Lemma comp_mpolyA (R : comRingType) m k l (p : {mpoly R[m]})
    (t : m.-tuple {mpoly R[k]}) (u : k.-tuple {mpoly R[l]}) :
  (p \mPo t) \mPo u = p \mPo [tuple tnth t i \mPo u | i < m].
Proof.
rewrite (comp_mpolyEX p t) (comp_mpolyEX p) raddf_sum; apply: eq_bigr => mo _.
rewrite /= comp_mpolyZ !comp_mpolyX rmorph_prod; congr (_ *: _).
by apply: eq_bigr => i _; rewrite rmorphXn tnth_mktuple.
Qed.

Lemma mpolyX_sub_neq0 (R : nzRingType) k (a b : 'I_k) :
  a != b -> 'X_a - 'X_b != 0 :> {mpoly R[k]}.
Proof.
move=> ab; apply/eqP => /(congr1 (mcoeff U_(a))).
by rewrite mcoeffB !mcoeffXU eqxx eq_sym (negbTE ab) mcoeff0 subr0 => /eqP; rewrite oner_eq0.
Qed.

Lemma one_sub_mpolyX_neq0 (R : nzRingType) k (a : 'I_k) : 1 - 'X_a != 0 :> {mpoly R[k]}.
Proof.
apply/eqP => /(congr1 (mcoeff U_(a))).
rewrite mcoeffB mcoeffXU eqxx mcoeff1 mnm1_eq0 mcoeff0 sub0r => /eqP.
by rewrite oppr_eq0 oner_eq0.
Qed.

HB.instance Definition _ n (f : 'I_n -> 'I_n) :=
  GRing.RMorphism.copy (@etasub n f)
    (comp_mpoly [tuple (match split k with
                        | inl i => 'X_(lshift n i)
                        | inr j => 'X_(rshift n (f j)) end : Ring n) | k < n + n]).
HB.instance Definition _ n i := GRing.RMorphism.copy (@s_eta n i) (etasub (sr n i)).
HB.instance Definition _ n := GRing.RMorphism.copy (@omega_eta n) (etasub (@ordS n)).

Section EtaSubstitution.
Variable n : nat.
Local Notation RR := (Ring n).
Implicit Types (f g h : 'I_n -> 'I_n) (p : RR).

Lemma etasub_var f k : etasub f 'X_k =
  match split k with inl i => 'X_(lshift n i) | inr j => 'X_(rshift n (f j)) end.
Proof. by rewrite /etasub comp_mpolyXU -tnth_nth tnth_mktuple. Qed.

Lemma split_lshift (a : 'I_n) : split (lshift n a) = inl a.
Proof. exact: (unsplitK (inl a)). Qed.

Lemma split_rshift (a : 'I_n) : split (rshift n a) = inr a.
Proof. exact: (unsplitK (inr a)). Qed.

Lemma etasub_comp f g h p : f \o g =1 h -> etasub f (etasub g p) = etasub h p.
Proof.
move=> fgh; rewrite /etasub comp_mpolyA; apply: (congr1 (fun t => p \mPo t)).
apply: eq_mktuple => k.
rewrite tnth_mktuple; case: (split k) => j; rewrite comp_mpolyXU -tnth_nth tnth_mktuple.
  by rewrite split_lshift.
by rewrite split_rshift -fgh.
Qed.

Lemma eq_etasub f g p : f =1 g -> etasub f p = etasub g p.
Proof.
move=> fg; rewrite /etasub; apply: (congr1 (fun t => p \mPo t)); apply: eq_mktuple => k.
by case: (split k) => j; rewrite ?fg.
Qed.

Lemma eta_var (a : 'I_n) : Defs.eta n a.+1 = 'X_(rshift n a).
Proof. by rewrite /Defs.eta /= valK. Qed.

Lemma etasub_eta f (a : 'I_n) : etasub f (Defs.eta n a.+1) = Defs.eta n (f a).+1.
Proof. by rewrite !eta_var etasub_var split_rshift. Qed.

Lemma s_eta_eta i k : (1 <= i < n)%N -> (1 <= k <= n)%N ->
  s_eta i (Defs.eta n k) = Defs.eta n (swap_pos i k.-1).+1.
Proof.
move=> hi hk; have k_lt : (k.-1 < n)%N by lia.
have -> : k = (Ordinal k_lt).+1 by rewrite /=; lia.
by rewrite /s_eta etasub_eta sr_val.
Qed.

Lemma omega_eta_eta k : (1 <= k < n)%N -> omega_eta (Defs.eta n k) = Defs.eta n k.+1.
Proof.
move=> hk; have k_lt : (k.-1 < n)%N by lia.
have -> : k = (Ordinal k_lt).+1 by rewrite /=; lia.
by rewrite /omega_eta etasub_eta /= modn_small //; lia.
Qed.

Lemma omega_s_eta i p : (1 <= i)%N -> (i.+1 < n)%N ->
  omega_eta (s_eta i p) = s_eta i.+1 (omega_eta p).
Proof.
move=> i_ge1 i_lt; rewrite /omega_eta /s_eta !(etasub_comp _ (frefl _)).
apply: eq_etasub => a; apply/val_inj; rewrite /= !sr_val //=; last by lia.
have := ltn_ord a; case: (ltnP a.+1 n) => a_lt a_lt'.
  by rewrite (modn_small a_lt) modn_small /swap_pos; lia_ifs.
have -> : (swap_pos i a).+1 = n by rewrite /swap_pos; lia_ifs.
have -> : a.+1 = n by lia.
by rewrite modnn /swap_pos; lia_ifs.
Qed.

End EtaSubstitution.

Definition eta_fixed n : pred (Ring n) :=
  fun c => [forall f : {ffun 'I_n -> 'I_n}, etasub f c == c].
Definition eta_free n : qualifier 0 (Ring n) := [qualify c : Ring n | eta_fixed c].
Arguments eta_free {n}.

Lemma eta_freeP n (c : Ring n) : reflect (forall f, etasub f c = c) (c \is eta_free).
Proof.
apply: (iffP forallP) => [fixed f | fixed f]; last exact/eqP/fixed.
by rewrite -(eq_etasub _ (ffunE f)); apply/eqP/fixed.
Qed.

Fact eta_fixed_subring n : subring_closed (@eta_fixed n).
Proof.
split=> [|a b /forallP a_fix /forallP b_fix|a b /forallP a_fix /forallP b_fix];
  apply/forallP => f; first by rewrite rmorph1.
  by rewrite rmorphB /= (eqP (a_fix f)) (eqP (b_fix f)).
by rewrite rmorphM /= (eqP (a_fix f)) (eqP (b_fix f)).
Qed.

HB.instance Definition _ n := GRing.isSubringClosed.Build (Ring n) (@eta_fixed n)
  (eta_fixed_subring n).

Lemma eta_free_zv n k : zv n k \is eta_free.
Proof.
apply/eta_freeP => f; rewrite /zv; case: insub => [a|]; last exact: rmorph0.
by rewrite etasub_var split_lshift.
Qed.

Lemma eta_free_Qv n k : Qv n k \is eta_free.
Proof.
apply/eta_freeP => f; rewrite /Qv; case: insub => [a|]; last exact: rmorph0.
exact: comp_mpolyC.
Qed.

Lemma eta_free_Fpol n i m : Fpol n i m \is eta_free.
Proof.
apply: rpred_sum => J _; apply: rpredM; apply: rpred_prod => a _.
  by rewrite rpredB ?rpred1 ?eta_free_Qv.
exact: eta_free_zv.
Qed.

Lemma Fpol0 n i : Fpol n i 0 = 1.
Proof.
rewrite /Fpol (big_pred1 set0); last by move=> J; rewrite /= cards_eq0.
by rewrite !big1 ?mulr1 // => a; rewrite inE.
Qed.

Lemma mul_denom_eq (K : fieldType) (f s d y : K) : d != 0 -> y != 0 ->
  (f + (s - f) / (d / y) - f) * d = (s - f) * y.
Proof. by move=> d_neq0 y_neq0; field; rewrite d_neq0 y_neq0. Qed.

Definition yv n k : Ring n := 1 - Defs.eta n k.

Section DividedDifferences.
Variable n : nat.
Local Notation RR := (Ring n).
Local Notation yv := (yv n).
Implicit Types (f g c : RR).

Lemma s_eta_yv i k : (1 <= i < n)%N -> (1 <= k <= n)%N ->
  s_eta i (yv k) = yv (swap_pos i k.-1).+1.
Proof. by move=> hi hk; rewrite rmorphB rmorph1 /= s_eta_eta. Qed.

Lemma s_eta_yv_self i : (1 <= i < n)%N -> s_eta i (yv i) = yv i.+1.
Proof.
move=> hi; rewrite s_eta_yv; try lia.
by have -> : (swap_pos i i.-1).+1 = i.+1 by rewrite /swap_pos; lia_ifs.
Qed.

Lemma s_eta_yvS i : (1 <= i < n)%N -> s_eta i (yv i.+1) = yv i.
Proof.
move=> hi; rewrite s_eta_yv /=; try lia.
by have -> : (swap_pos i i).+1 = i by rewrite /swap_pos; lia_ifs.
Qed.

Lemma s_eta_yv_other i k : (1 <= i < n)%N -> (1 <= k <= n)%N -> k != i -> k != i.+1 ->
  s_eta i (yv k) = yv k.
Proof.
move=> hi hk /eqP ki /eqP kiS; rewrite s_eta_yv //.
by have -> : (swap_pos i k.-1).+1 = k by rewrite /swap_pos; lia_ifs.
Qed.

Lemma omega_yv k : (1 <= k < n)%N -> omega_eta (yv k) = yv k.+1.
Proof. by move=> hk; rewrite /yv rmorphB rmorph1 /= omega_eta_eta. Qed.

Lemma s_eta_eta_free i c : c \is eta_free -> s_eta i c = c.
Proof. by move=> /eta_freeP; apply. Qed.

Lemma omega_eta_free c : c \is eta_free -> omega_eta c = c.
Proof. by move=> /eta_freeP; apply. Qed.

Lemma yv_neq0 k : (1 <= k <= n)%N -> yv k != 0.
Proof.
move=> hk; have k_lt : (k.-1 < n)%N by lia.
have -> : k = (Ordinal k_lt).+1 by rewrite /=; lia.
by rewrite /yv eta_var one_sub_mpolyX_neq0.
Qed.

Lemma yv_sub_neq0 i : (1 <= i < n)%N -> yv i - yv i.+1 != 0.
Proof.
move=> hi; have i_lt : (i.-1 < n)%N by lia.
have iS_lt : (i < n)%N by lia.
rewrite /yv opprB addrC addrA subrK.
have -> : i = (Ordinal i_lt).+1 by rewrite /=; lia.
rewrite (_ : (Ordinal i_lt).+2 = (Ordinal iS_lt).+1); last by rewrite /=; lia.
by rewrite !eta_var mpolyX_sub_neq0 // -(inj_eq val_inj) /=; lia.
Qed.

(* [g = D^Q_i f] with the denominators cleared. *)
Definition DQ_rel i f g : Prop := (g - f) * (yv i - yv i.+1) = (s_eta i f - f) * yv i.

Lemma DQ_relP i f g : (1 <= i < n)%N -> DQ i f = g%:F -> DQ_rel i f g.
Proof.
move=> hi; rewrite /DQ /DQ_rel => DQ_f.
have eta_diff : Defs.eta n i.+1 - Defs.eta n i = yv i - yv i.+1 by rewrite /yv; ring.
rewrite eta_diff -/(yv i) in DQ_f.
have d_neq0 : (yv i - yv i.+1)%:F != 0 :> {fraction RR} by rewrite tofrac_eq0 yv_sub_neq0.
have y_neq0 : (yv i)%:F != 0 :> {fraction RR} by rewrite tofrac_eq0 yv_neq0 //; lia.
have := mul_denom_eq (f%:F) (s_eta i f)%:F d_neq0 y_neq0.
by rewrite DQ_f -!tofracB -!tofracM => /eqP; rewrite tofrac_eq => /eqP.
Qed.

Lemma DQ_rel_uniq i f g1 g2 : (1 <= i < n)%N -> DQ_rel i f g1 -> DQ_rel i f g2 -> g1 = g2.
Proof.
move=> hi rel1 rel2; apply: (addIr (- f)); apply: (mulIf (yv_sub_neq0 hi)) => /=.
by rewrite rel1 rel2.
Qed.

Lemma DQ_rel0 i : DQ_rel i 0 0.
Proof. by rewrite /DQ_rel rmorph0 !subrr !mul0r. Qed.

Lemma DQ_relD i f1 g1 f2 g2 :
  DQ_rel i f1 g1 -> DQ_rel i f2 g2 -> DQ_rel i (f1 + f2) (g1 + g2).
Proof.
rewrite /DQ_rel rmorphD /= => rel1 rel2.
have split_diff (a1 a2 b1 b2 : RR) : a1 + a2 - (b1 + b2) = (a1 - b1) + (a2 - b2).
  by rewrite opprD addrACA.
rewrite [g1 + g2 - _]split_diff [_ + _ - (f1 + f2)]split_diff.
by rewrite [in LHS]mulrDl [in RHS]mulrDl rel1 rel2.
Qed.

Lemma DQ_relMl i c f g : s_eta i c = c -> DQ_rel i f g -> DQ_rel i (c * f) (c * g).
Proof. by rewrite /DQ_rel rmorphM /= => -> rel; rewrite -!mulrBr -!mulrA rel. Qed.

Lemma DQ_rel_omega i f g : (1 <= i)%N -> (i.+1 < n)%N ->
  DQ_rel i f g -> DQ_rel i.+1 (omega_eta f) (omega_eta g).
Proof.
move=> i_ge1 i_lt rel; have := congr1 (@omega_eta n) rel.
by rewrite /yv !rmorphM !rmorphB !rmorph1 /= !omega_eta_eta ?omega_s_eta //; lia.
Qed.

Fixpoint DQ_word (l : seq nat) f g : Prop :=
  if l is i :: l' then exists h, DQ_rel i f h /\ DQ_word l' h g else f = g.

Lemma DQ_word_uniq l f g1 g2 : valid_word n l -> DQ_word l f g1 -> DQ_word l f g2 -> g1 = g2.
Proof.
elim: l f => [|i l IH] f /=; first by move=> _ <- <-.
move=> /andP [hi hl] [h1 [rel1 word1]] [h2 [rel2 word2]].
by move: word1; rewrite (DQ_rel_uniq hi rel1 rel2) => /IH; apply.
Qed.

Lemma DQ_word_cat l1 l2 f g h : DQ_word l1 f g -> DQ_word l2 g h -> DQ_word (l1 ++ l2) f h.
Proof.
elim: l1 f => [|i l IH] f /=; first by move=> ->.
by move=> [k [rel word]] word2; exists k; split => //; exact: IH word word2.
Qed.

Lemma DQ_word0 l : DQ_word l 0 0.
Proof. by elim: l => [|i l IH] //=; exists 0; split => //; exact: DQ_rel0. Qed.

Lemma DQ_wordD l f1 g1 f2 g2 :
  DQ_word l f1 g1 -> DQ_word l f2 g2 -> DQ_word l (f1 + f2) (g1 + g2).
Proof.
elim: l f1 f2 => [|i l IH] f1 f2 /=; first by move=> -> ->.
move=> [h1 [rel1 word1]] [h2 [rel2 word2]].
by exists (h1 + h2); split; [exact: DQ_relD | exact: IH].
Qed.

Lemma DQ_word_sum l I (r : seq I) (F G : I -> RR) :
  (forall i, DQ_word l (F i) (G i)) -> DQ_word l (\sum_(i <- r) F i) (\sum_(i <- r) G i).
Proof.
move=> word; elim: r => [|a r IH]; first by rewrite !big_nil; exact: DQ_word0.
by rewrite !big_cons; exact: DQ_wordD.
Qed.

Lemma DQ_wordMl l c f g : (forall i, i \in l -> s_eta i c = c) ->
  DQ_word l f g -> DQ_word l (c * f) (c * g).
Proof.
elim: l f => [|i l IH] f /= c_fixed; first by move=> ->.
move=> [h [rel word]]; exists (c * h); split.
  by apply: DQ_relMl rel; apply: c_fixed; rewrite mem_head.
by apply: IH word => j j_in; apply: c_fixed; rewrite inE j_in orbT.
Qed.

Lemma DQ_word_omega l f g : (forall i, i \in l -> (1 <= i)%N && (i.+1 < n)%N) ->
  DQ_word l f g -> DQ_word (map S l) (omega_eta f) (omega_eta g).
Proof.
elim: l f => [|i l IH] f /= l_range; first by move=> ->.
move=> [h [rel word]]; exists (omega_eta h); split.
  by have /andP [? ?] := l_range i (mem_head _ _); exact: DQ_rel_omega.
by apply: IH word => j j_in; apply: l_range; rewrite inE j_in orbT.
Qed.

Lemma DQ_word_descending (G : 'S_n -> RR) l w :
  (forall i w, (1 <= i < n)%N -> (plen (Defs.pcomp (sr n i) w) < plen w)%N ->
     DQ i (G w) = (G (Defs.pcomp (sr n i) w))%:F) ->
  valid_word n l -> descending l w -> DQ_word l (G w) (G (lmul_word l w)).
Proof.
move=> DQ_G; elim: l w => [|i l IH] w //= /andP [hi hl] [desc_i desc_l].
by exists (G (Defs.pcomp (sr n i) w)); split; [exact/DQ_relP/DQ_G | exact: IH].
Qed.

End DividedDifferences.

Work task: Starting with the first line of the listing, output each line exactly until you have included the one containing "move=> ab; apply/eqP".

Task response:
Lemma comp_mpolyA (R : comRingType) m k l (p : {mpoly R[m]})
    (t : m.-tuple {mpoly R[k]}) (u : k.-tuple {mpoly R[l]}) :
  (p \mPo t) \mPo u = p \mPo [tuple tnth t i \mPo u | i < m].
Proof.
rewrite (comp_mpolyEX p t) (comp_mpolyEX p) raddf_sum; apply: eq_bigr => mo _.
rewrite /= comp_mpolyZ !comp_mpolyX rmorph_prod; congr (_ *: _).
by apply: eq_bigr => i _; rewrite rmorphXn tnth_mktuple.
Qed.

Lemma mpolyX_sub_neq0 (R : nzRingType) k (a b : 'I_k) :
  a != b -> 'X_a - 'X_b != 0 :> {mpoly R[k]}.
Proof.
move=> ab; apply/eqP => /(congr1 (mcoeff U_(a))).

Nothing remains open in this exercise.